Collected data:
========
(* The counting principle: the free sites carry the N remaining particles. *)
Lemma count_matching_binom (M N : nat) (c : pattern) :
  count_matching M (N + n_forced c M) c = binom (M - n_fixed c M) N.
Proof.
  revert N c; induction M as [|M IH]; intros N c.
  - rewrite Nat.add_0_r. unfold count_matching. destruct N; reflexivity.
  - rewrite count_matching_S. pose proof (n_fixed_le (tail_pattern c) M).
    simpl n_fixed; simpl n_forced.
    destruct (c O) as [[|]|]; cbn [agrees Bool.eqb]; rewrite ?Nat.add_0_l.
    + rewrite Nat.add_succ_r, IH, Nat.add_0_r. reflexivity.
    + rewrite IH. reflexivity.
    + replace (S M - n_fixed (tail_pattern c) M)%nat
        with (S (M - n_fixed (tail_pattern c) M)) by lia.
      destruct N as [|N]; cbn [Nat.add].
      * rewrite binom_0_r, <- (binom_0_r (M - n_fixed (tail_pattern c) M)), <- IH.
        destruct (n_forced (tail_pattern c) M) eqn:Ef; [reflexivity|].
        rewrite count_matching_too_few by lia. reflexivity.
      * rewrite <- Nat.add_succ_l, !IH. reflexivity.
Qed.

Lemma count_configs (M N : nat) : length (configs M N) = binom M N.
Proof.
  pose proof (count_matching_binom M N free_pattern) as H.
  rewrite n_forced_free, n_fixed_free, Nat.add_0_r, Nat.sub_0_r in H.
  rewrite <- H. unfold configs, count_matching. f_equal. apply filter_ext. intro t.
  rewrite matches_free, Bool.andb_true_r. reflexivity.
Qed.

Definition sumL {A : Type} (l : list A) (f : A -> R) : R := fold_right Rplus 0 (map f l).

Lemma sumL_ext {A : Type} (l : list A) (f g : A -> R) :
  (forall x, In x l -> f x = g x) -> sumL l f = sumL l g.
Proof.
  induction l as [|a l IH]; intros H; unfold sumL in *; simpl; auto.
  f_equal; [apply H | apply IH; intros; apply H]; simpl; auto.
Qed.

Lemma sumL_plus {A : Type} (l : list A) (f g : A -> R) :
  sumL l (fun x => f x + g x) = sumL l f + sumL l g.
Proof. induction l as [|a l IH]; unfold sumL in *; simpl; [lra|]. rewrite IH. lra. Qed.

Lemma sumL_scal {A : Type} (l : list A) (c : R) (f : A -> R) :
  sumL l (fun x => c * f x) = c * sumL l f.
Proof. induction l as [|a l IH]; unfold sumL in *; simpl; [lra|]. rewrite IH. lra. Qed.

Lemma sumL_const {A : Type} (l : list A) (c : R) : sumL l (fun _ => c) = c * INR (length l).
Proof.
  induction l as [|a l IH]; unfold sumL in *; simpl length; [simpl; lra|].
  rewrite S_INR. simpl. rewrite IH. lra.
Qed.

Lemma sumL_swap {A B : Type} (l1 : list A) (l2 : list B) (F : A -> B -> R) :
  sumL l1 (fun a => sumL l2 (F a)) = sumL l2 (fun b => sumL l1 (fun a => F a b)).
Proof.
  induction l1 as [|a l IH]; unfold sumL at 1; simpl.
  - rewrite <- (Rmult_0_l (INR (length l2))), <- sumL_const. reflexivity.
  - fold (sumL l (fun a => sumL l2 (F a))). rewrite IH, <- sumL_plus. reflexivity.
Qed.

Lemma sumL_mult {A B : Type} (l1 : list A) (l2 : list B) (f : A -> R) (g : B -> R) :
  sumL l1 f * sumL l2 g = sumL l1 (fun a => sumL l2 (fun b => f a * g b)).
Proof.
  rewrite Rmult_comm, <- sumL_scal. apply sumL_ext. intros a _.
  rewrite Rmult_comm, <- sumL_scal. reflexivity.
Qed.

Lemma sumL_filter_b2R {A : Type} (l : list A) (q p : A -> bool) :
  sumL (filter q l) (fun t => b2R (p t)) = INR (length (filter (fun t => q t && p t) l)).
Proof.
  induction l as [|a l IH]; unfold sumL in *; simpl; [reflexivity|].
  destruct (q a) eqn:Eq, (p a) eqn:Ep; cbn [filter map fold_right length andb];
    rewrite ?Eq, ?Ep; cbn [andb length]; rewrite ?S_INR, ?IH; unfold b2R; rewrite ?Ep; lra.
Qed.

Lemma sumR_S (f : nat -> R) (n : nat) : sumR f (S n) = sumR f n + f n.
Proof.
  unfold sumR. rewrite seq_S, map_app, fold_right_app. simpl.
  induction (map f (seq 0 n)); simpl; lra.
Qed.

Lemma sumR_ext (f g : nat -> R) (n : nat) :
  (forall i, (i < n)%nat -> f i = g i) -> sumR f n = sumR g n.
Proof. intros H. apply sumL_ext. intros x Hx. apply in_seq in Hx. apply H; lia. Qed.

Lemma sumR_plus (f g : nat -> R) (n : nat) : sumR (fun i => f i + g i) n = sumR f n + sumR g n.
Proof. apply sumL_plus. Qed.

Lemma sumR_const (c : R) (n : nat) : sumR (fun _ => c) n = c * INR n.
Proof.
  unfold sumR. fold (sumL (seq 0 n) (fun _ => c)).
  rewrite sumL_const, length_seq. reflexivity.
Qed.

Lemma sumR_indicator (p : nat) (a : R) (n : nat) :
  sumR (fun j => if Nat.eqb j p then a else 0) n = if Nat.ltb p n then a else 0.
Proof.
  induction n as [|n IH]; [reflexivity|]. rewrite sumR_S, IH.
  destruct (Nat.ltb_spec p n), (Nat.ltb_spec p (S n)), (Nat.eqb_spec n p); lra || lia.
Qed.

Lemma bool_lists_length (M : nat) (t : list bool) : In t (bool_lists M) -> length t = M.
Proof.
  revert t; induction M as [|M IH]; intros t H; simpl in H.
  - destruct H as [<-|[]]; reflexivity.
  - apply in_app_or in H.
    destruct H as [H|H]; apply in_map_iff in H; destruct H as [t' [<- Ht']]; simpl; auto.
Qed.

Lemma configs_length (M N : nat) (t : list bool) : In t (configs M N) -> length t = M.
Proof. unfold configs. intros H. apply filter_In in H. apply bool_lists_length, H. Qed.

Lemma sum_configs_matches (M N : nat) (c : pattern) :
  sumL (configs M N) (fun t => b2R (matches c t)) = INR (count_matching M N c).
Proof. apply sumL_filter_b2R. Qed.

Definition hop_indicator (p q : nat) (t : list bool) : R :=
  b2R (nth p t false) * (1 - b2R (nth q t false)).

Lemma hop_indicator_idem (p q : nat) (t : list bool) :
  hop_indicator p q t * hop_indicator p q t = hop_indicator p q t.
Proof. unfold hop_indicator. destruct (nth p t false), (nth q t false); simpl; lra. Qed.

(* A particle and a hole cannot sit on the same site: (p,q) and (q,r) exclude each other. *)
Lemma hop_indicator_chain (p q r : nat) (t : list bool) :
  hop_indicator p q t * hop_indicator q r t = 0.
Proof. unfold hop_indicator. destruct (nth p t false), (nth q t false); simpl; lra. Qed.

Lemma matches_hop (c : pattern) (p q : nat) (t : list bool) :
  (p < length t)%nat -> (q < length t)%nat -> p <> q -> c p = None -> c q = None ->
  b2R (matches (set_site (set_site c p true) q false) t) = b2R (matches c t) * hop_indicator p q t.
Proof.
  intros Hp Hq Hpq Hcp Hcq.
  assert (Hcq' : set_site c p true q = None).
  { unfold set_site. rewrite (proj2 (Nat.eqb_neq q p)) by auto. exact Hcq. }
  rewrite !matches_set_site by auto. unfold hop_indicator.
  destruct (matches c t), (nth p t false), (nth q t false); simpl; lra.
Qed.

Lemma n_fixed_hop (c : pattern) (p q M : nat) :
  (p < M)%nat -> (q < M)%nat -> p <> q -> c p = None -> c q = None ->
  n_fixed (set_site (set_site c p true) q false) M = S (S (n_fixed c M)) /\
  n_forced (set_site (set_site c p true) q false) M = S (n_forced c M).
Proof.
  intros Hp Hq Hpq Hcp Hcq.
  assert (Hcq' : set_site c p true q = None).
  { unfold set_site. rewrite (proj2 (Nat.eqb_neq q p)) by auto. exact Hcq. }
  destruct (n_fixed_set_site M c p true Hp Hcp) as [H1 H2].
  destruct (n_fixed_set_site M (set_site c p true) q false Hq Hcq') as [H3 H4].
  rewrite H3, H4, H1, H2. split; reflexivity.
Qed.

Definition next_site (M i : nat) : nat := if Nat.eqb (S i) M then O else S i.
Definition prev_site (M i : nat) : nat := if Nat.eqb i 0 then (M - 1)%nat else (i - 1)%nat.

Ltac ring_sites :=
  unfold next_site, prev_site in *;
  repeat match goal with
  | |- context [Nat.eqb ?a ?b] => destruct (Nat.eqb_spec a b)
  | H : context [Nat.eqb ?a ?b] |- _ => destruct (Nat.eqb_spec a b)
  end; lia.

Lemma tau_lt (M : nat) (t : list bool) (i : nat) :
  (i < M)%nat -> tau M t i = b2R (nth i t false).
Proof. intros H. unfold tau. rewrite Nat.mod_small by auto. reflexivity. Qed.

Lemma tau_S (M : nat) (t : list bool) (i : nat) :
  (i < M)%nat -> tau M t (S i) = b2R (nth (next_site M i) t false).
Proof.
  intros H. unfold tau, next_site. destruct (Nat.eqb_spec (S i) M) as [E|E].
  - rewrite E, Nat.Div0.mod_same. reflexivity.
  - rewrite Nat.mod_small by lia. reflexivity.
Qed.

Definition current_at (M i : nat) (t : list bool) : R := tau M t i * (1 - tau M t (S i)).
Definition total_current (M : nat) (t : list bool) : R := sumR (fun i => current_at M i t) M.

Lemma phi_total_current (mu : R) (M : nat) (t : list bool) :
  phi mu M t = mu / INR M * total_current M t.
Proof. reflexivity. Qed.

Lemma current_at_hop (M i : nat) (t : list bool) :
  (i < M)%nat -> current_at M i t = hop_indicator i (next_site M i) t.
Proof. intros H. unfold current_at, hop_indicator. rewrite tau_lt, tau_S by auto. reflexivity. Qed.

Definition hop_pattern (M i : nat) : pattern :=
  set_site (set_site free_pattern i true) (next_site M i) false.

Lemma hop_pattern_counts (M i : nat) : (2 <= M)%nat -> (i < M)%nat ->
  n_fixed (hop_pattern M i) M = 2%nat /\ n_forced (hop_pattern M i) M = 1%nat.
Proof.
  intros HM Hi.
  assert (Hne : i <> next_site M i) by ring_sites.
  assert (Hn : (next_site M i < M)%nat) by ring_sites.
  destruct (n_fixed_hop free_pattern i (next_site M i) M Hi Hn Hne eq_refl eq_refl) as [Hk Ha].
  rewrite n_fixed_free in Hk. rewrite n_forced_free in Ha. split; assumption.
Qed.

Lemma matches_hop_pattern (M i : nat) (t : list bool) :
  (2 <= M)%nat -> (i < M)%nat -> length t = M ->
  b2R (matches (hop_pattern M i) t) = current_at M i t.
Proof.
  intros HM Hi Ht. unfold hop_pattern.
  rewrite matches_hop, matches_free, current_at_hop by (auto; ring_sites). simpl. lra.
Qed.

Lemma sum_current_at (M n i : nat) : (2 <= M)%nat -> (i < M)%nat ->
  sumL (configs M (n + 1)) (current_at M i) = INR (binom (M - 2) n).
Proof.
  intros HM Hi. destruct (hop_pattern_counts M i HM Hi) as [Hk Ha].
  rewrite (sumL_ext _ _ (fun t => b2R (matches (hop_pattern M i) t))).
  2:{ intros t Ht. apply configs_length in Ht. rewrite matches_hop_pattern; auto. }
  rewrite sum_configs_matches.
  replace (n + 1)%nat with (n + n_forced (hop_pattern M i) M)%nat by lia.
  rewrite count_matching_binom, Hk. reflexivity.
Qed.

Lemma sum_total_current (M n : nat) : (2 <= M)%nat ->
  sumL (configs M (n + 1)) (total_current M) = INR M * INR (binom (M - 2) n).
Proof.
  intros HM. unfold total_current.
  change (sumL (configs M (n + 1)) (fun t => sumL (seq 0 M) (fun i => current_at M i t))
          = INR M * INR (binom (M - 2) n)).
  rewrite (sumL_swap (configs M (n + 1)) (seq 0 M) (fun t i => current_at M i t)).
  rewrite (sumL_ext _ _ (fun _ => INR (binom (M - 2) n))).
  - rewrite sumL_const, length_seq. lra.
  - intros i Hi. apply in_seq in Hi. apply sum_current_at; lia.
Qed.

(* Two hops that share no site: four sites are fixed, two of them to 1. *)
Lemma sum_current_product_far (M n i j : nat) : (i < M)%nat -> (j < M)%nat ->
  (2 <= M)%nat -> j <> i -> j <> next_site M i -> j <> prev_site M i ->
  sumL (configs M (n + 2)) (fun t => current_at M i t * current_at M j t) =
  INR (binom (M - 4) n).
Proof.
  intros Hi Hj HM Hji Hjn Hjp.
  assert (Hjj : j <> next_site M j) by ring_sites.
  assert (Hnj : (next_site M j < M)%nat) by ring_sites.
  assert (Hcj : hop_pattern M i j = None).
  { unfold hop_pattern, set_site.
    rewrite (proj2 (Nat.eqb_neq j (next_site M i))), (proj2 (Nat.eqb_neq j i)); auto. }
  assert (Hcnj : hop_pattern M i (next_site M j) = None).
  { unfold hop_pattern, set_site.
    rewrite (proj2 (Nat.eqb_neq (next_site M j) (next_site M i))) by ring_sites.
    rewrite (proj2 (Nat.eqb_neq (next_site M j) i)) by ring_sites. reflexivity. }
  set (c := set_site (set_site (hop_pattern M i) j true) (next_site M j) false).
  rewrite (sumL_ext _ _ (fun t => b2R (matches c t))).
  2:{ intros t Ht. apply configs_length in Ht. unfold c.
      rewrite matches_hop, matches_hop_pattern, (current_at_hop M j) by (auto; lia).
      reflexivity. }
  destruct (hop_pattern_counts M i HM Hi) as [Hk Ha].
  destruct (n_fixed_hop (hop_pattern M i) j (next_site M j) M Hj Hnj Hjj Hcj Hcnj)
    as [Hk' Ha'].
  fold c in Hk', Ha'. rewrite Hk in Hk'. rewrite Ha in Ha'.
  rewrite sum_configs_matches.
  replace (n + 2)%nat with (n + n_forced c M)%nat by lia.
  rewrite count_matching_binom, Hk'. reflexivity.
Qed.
========
-- TASK DIRECTIONS --
Your output should consist solely of the lines from the beginning of the entries through the line containing "rewrite <- H.", reproduced exactly.

-- THE COMPLETED TASK --
(* The counting principle: the free sites carry the N remaining particles. *)
Lemma count_matching_binom (M N : nat) (c : pattern) :
  count_matching M (N + n_forced c M) c = binom (M - n_fixed c M) N.
Proof.
  revert N c; induction M as [|M IH]; intros N c.
  - rewrite Nat.add_0_r. unfold count_matching. destruct N; reflexivity.
  - rewrite count_matching_S. pose proof (n_fixed_le (tail_pattern c) M).
    simpl n_fixed; simpl n_forced.
    destruct (c O) as [[|]|]; cbn [agrees Bool.eqb]; rewrite ?Nat.add_0_l.
    + rewrite Nat.add_succ_r, IH, Nat.add_0_r. reflexivity.
    + rewrite IH. reflexivity.
    + replace (S M - n_fixed (tail_pattern c) M)%nat
        with (S (M - n_fixed (tail_pattern c) M)) by lia.
      destruct N as [|N]; cbn [Nat.add].
      * rewrite binom_0_r, <- (binom_0_r (M - n_fixed (tail_pattern c) M)), <- IH.
        destruct (n_forced (tail_pattern c) M) eqn:Ef; [reflexivity|].
        rewrite count_matching_too_few by lia. reflexivity.
      * rewrite <- Nat.add_succ_l, !IH. reflexivity.
Qed.

Lemma count_configs (M N : nat) : length (configs M N) = binom M N.
Proof.
  pose proof (count_matching_binom M N free_pattern) as H.
  rewrite n_forced_free, n_fixed_free, Nat.add_0_r, Nat.sub_0_r in H.
  rewrite <- H. unfold configs, count_matching. f_equal. apply filter_ext. intro t.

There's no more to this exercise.